Богат русский язык! Сказать на женщину, коя безропотно и постоянно оказывает помощь "нянька" — язык не повернётся: она же за тобой ходит! Следит, чтобы ты не упал, и надо быть необыкновенно большой сволочью, чтобы сказать на неё "нянька!" Нет, только НЯНЕЧКИ, и не меньше! Удивительные, героические, святые нянечки польского госпиталя в чёрных и длинных платьях с широкими белыми головными уборами! Зачем вам, пани, такая красота на головах ваших!? Вы и без них прекрасны! Много позже, из зарубежных фильмов, стало понятно, что одеяние женщин в госпитале — одеяние католических монахинь. С какой задержкой иногда приходит ясность! Мог я тогда знать, женщины какого ордена вытаскивали меня с "того света"? Служители госпиталя, исполняя заповеди Господа, спасали всех страждущих, кем бы они ни были. И очень важный вопрос: кто дал команду отправить меня, а после и сестру, в госпиталь? Комендант? Если так, то на кой чёрт ему это нужно было? Если я не отправился к праотцам в первую тифозную ночь, то во вторую ночь каменный жёрнов непременно бы переехал меня. Такого "наезда" я бы не выдержал! Окочурился бы ещё один схизмат, ну, так что с того!? Чего переживать, время такое!
Знал комендант, что будет расстрелян, как "предатель польского народа"? Знал он, что я замолвлю о нём хорошее слово только через шестьдесят лет и не раньше?
И опять наваливается нерешённый вопрос: кто-то проклинает начальника лагеря, а я молюсь за его душу! Так, может, и меня следует "поставить к стенке"!?
Вся последующая советская жизнь не позволяла приехать в польский город Люблин. Отыскать госпиталь, увитый от земли до крыши плющом и поклониться до земли его служительницам и служителям. Однажды, при воспоминаниях о "тифозных" днях, как-то появилась "дополнительная", к основной теме не относящаяся, мысль: как и почему приходят служить Богу? От страха перед "тем светом", или от любви к людям?
Монахини госпиталя ничего не боялись. Любили меня, дохлого и тифозного, и такую любовь, без единого слова, мысленно, на уровне душ, внушили, что и я должен подать горшок ещё большему, чем сам, страдальцу. Каюсь: был нетерпим к слабости младшего засранца в палате, но эта нетерпимость, как ни странно, делала меня выносливее. Всё очень просто: если ты кого-то порицаешь за слабость, то в таком случае будь сам сильным! Забудь о своей слабости! Как всё удивительно устроено в этом мире!

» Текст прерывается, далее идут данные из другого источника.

Lemma tnorm_0y0 b : tnorm (0 : 'rV[R]_n) b (0 : 'rV[R]_d) = enorm b.
Proof. by rewrite /tnorm !dotv0l add0r addr0. Qed.

Lemma tnorm_x00 a : tnorm a (0 : 'rV[R]_m) (0 : 'rV[R]_d) = enorm a.
Proof. by rewrite /tnorm !dotv0l !addr0. Qed.

Lemma tnorm_graph_mulmx a (B1 : 'M[R]_(n, d)) :
  tnorm a (0 : 'rV[R]_m) (a *m B1) <= (1 + frob B1) * enorm a.
Proof.
apply: (le_trans (tnorm_le _ _ _)).
by rewrite enorm0 addr0 mulrDl mul1r lerD2l mulrC enorm_mulmx.
Qed.

Lemma ge0_of_le_tnorm (K e : R) a : a != 0 -> 0 <= e ->
  e <= K * tnorm a (0 : 'rV[R]_m) (0 : 'rV[R]_d) -> 0 <= K.
Proof.
rewrite tnorm_x00 => /enorm_gt0 a0 e0 /(le_trans e0).
by rewrite pmulr_lge0.
Qed.

Lemma lipschitz3_ge0 (K : R) (f : 'rV[R]_n -> 'rV[R]_m -> 'rV[R]_d -> R) a : a != 0 -> lipschitz3 K f -> 0 <= K.
Proof.
move=> a0 /(_ a 0 0 0 0 0); rewrite !subr0.
exact: ge0_of_le_tnorm a0 (normr_ge0 _).
Qed.

Lemma smooth3_ge0 (K : R) (f : 'rV[R]_n -> 'rV[R]_m -> 'rV[R]_d -> R) a : a != 0 -> smooth3 K f -> 0 <= K.
Proof.
move=> a0 [Gx [Gy [Gz [_ /(_ a 0 0 0 0 0)]]]]; rewrite !subr0.
exact: ge0_of_le_tnorm a0 (sqrtr_ge0 _).
Qed.
End ProductNorms.

Section Gradient.
Variables (R : realType) (n : nat).
Implicit Types (f : 'rV[R]_n -> R) (x g : 'rV[R]_n).

Lemma has_grad_eq f f' x g : f =1 f' -> has_grad f x g -> has_grad f' x g.
Proof.
move=> ff' hg e e0; have [del del0 H] := hg e e0.
by exists del => // h /H; rewrite !ff'.
Qed.
(* Let $\Gamma\subset(0,\infty)$ be unbounded above, and for $\gamma\in\Gamma$ let $p_\gamma\in[1,2]$, $\mu_\gamma>0$, and let $\lambda_\gamma>0$ be defined by $\lambda_\gamma p_\gamma^2\gamma^{2(p_\gamma-1)}\mu_\gamma^2e^{\gamma^{p_\gamma}}=8$. Let $t_\gamma(x)=\ln(1+|x|^2/\mu_\gamma^2)$ on $\mathbb R^2$. Fix $\eta\in(0,1)$ and $h_0>0$. Let $\bar r_\gamma>0$ satisfy $\mu_\gamma/\bar r_\gamma\to0$ as $\gamma\to\infty$, $t_\gamma(\bar r_\gamma)\le\eta p_\gamma\gamma^{p_\gamma}/2$ for all large $\gamma$, and $\gamma^{2p_\gamma}\bar r_\gamma^2=O(1)$. Let $B_\gamma$ be radially symmetric, positive in $B_{\bar r_\gamma}(0)\subset\mathbb R^2$, with $B_\gamma(0)=\gamma$ and $$\Delta B_\gamma+h_0B_\gamma=\lambda_\gamma p_\gamma B_\gamma^{p_\gamma-1}e^{B_\gamma^{p_\gamma}}\quad\text{in }B_{\bar r_\gamma}(0),$$ and define $w_\gamma$ by $B_\gamma=\gamma\left(1-\frac{2t_\gamma}{p_\gamma\gamma^{p_\gamma}}+\frac{w_\gamma}{\gamma^{p_\gamma}}\right)$. Then, for every fixed $\tilde\eta\in(\eta,1)$, there exist $C>0$ and $\gamma_0$ such that for all $\gamma\in\Gamma$, $\gamma\ge\gamma_0$ and all $r\in[0,\bar r_\gamma]$ (writing radial functions as functions of $r=|x|$): $B_\gamma(r)\le\gamma$, $|w_\gamma(r)|\le C\gamma^{-p_\gamma}t_\gamma(r)$, $|w_\gamma'(r)|\le C\gamma^{-p_\gamma}t_\gamma'(r)$, and $$\lambda_\gamma p_\gamma B_\gamma^{p_\gamma-1}e^{B_\gamma^{p_\gamma}}(r)=\frac{8e^{-2t_\gamma(r)}}{\mu_\gamma^2\gamma^{p_\gamma-1}p_\gamma}\left(1+E_\gamma(r)\right),\quad |E_\gamma(r)|\le C\frac{e^{\tilde\eta t_\gamma(r)}}{\gamma^{p_\gamma}}.$$
   Context: $\Delta=-\partial_{xx}-\partial_{yy}$ is the (nonnegative) Euclidean Laplacian on $\mathbb R^2$. *)

From Stdlib Require Import Reals.
From Coquelicot Require Import Coquelicot.
Open Scope R_scope.

Definition lam (p mu g : R) : R :=
  8 / (p ^ 2 * Rpower g (2 * (p - 1)) * mu ^ 2 * exp (Rpower g p)).

Definition tfun (mu r : R) : R := ln (1 + r ^ 2 / mu ^ 2).
(* Let $\Gamma$ be a maximal consistent set of SBTrust and let $\delta,\psi$ be propositional formulas. Then $\delta\rightsquigarrow\psi\in\Gamma$ if and only if $\psi\in\Delta$ for every $(\Delta,\varphi,i)\in\mathit{max}([\delta]_\Gamma)$.
   Context: $\mathcal{L}_T$: $\alpha::=\varphi\mid\varphi\rightsquigarrow\varphi\mid B(\alpha)\mid\alpha*\alpha\mid\neg\alpha$, with $\varphi$ ranging over classical propositional formulas (set $\mathcal{L}_{CL}$) and $*\in\{\land,\lor,\to,\leftrightarrow\}$. SBTrust is the Hilbert system ($\varphi,\psi,\chi,\varphi_i,\psi_i$ propositional; $\alpha,\beta\in\mathcal{L}_T$; rule outputs in $\mathcal{L}_T$): classical tautologies and Modus Ponens; $\varphi\rightsquigarrow\varphi$; $(\varphi\rightsquigarrow\bot)\to\neg\varphi$; $((\psi\land\chi)\rightsquigarrow\varphi)\to(\psi\rightsquigarrow(\chi\to\varphi))$; $(\neg(\varphi\leftrightarrow\psi)\rightsquigarrow\bot)\to((\varphi\rightsquigarrow\chi)\leftrightarrow(\psi\rightsquigarrow\chi))$; rule RCK: from $(\varphi_1\land\dots\land\varphi_n)\to\varphi_{n+1}$ infer $\bigwedge_{j\le n}(\psi\rightsquigarrow\varphi_j)\to(\psi\rightsquigarrow\varphi_{n+1})$; rule $\mathbf{S5_F}$: from $(\ell_1\land\dots\land\ell_n)\to\chi$ infer $(\ell_1\land\dots\land\ell_n)\to(\neg\chi\rightsquigarrow\bot)$, each $\ell_j$ being $\varphi_j\rightsquigarrow\psi_j$ or its negation, $\chi$ propositional; $B(\alpha\to\beta)\to(B\alpha\to B\beta)$; $B\alpha\to\neg B\neg\alpha$; $B\alpha\to BB\alpha$; necessitation for $B$. A maximal consistent set (MCS) is $\Gamma\subseteq\mathcal{L}_T$ with $\Gamma\nvdash\bot$ and, for each $\alpha$, $\alpha\in\Gamma$ or $\neg\alpha\in\Gamma$. For MCSs, $\Gamma\leftrightsquigarrow\Delta$ iff they contain the same formulas of the form $\chi\rightsquigarrow\psi$; $[\Gamma]_\leftrightsquigarrow$ is the equivalence class. $\rightsquigarrow_\varphi(\Gamma)=\{\psi:\varphi\rightsquigarrow\psi\in\Gamma\}$, and $\Delta$ is $\varphi$-likely for $\Gamma$ if $\rightsquigarrow_\varphi(\Gamma)\subseteq\Delta$. Let $S_\Gamma=[\Gamma]_\leftrightsquigarrow\times\mathcal{L}_{CL}\times\{0,1,2\}$ and $[\delta]_\Gamma=\{(\Delta,\varphi,i)\in S_\Gamma:\delta\in\Delta\}$. Define $\succeq_\Gamma\subseteq S_\Gamma\times S_\Gamma$ by: $(\Delta,\varphi,i)\succeq_\Gamma(\Omega,\psi,j)$ iff ($\Delta$ is $\varphi$-likely for $\Gamma$ and $\varphi\in\Omega$) or ($i=1,j=0$) or ($i=2,j=1$) or ($i=0,j=2$). For $X\subseteq S_\Gamma$, $\mathit{max}(X)=\{x\in X:\forall y\in X\,(y\succeq_\Gamma x\Rightarrow x\succeq_\Gamma y)\}$. *)

From Stdlib Require Import List Bool.
Import ListNotations.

Благодарен тому юному засранцу: он своей слабостью поднимал меня, заставлял двигаться, укреплял и делал сильнее! Вдохновлял на совершение добра! Всё верно: в палатах с тяжёлыми больными рядом нужно класть таких, кто сам недавно встал на ноги. Чем скорее поднимешься с "одра болезни" — тем скорее выйдешь на "своих двоих" из лечебного учреждения, и каким путём ты к этому придёшь — не важно.
А слабость была страшная: более минуты я не мог держаться на ногах, тянуло перейти в горизонтальное положение и упасть где угодно, и на что придётся! Хоть на острые камни!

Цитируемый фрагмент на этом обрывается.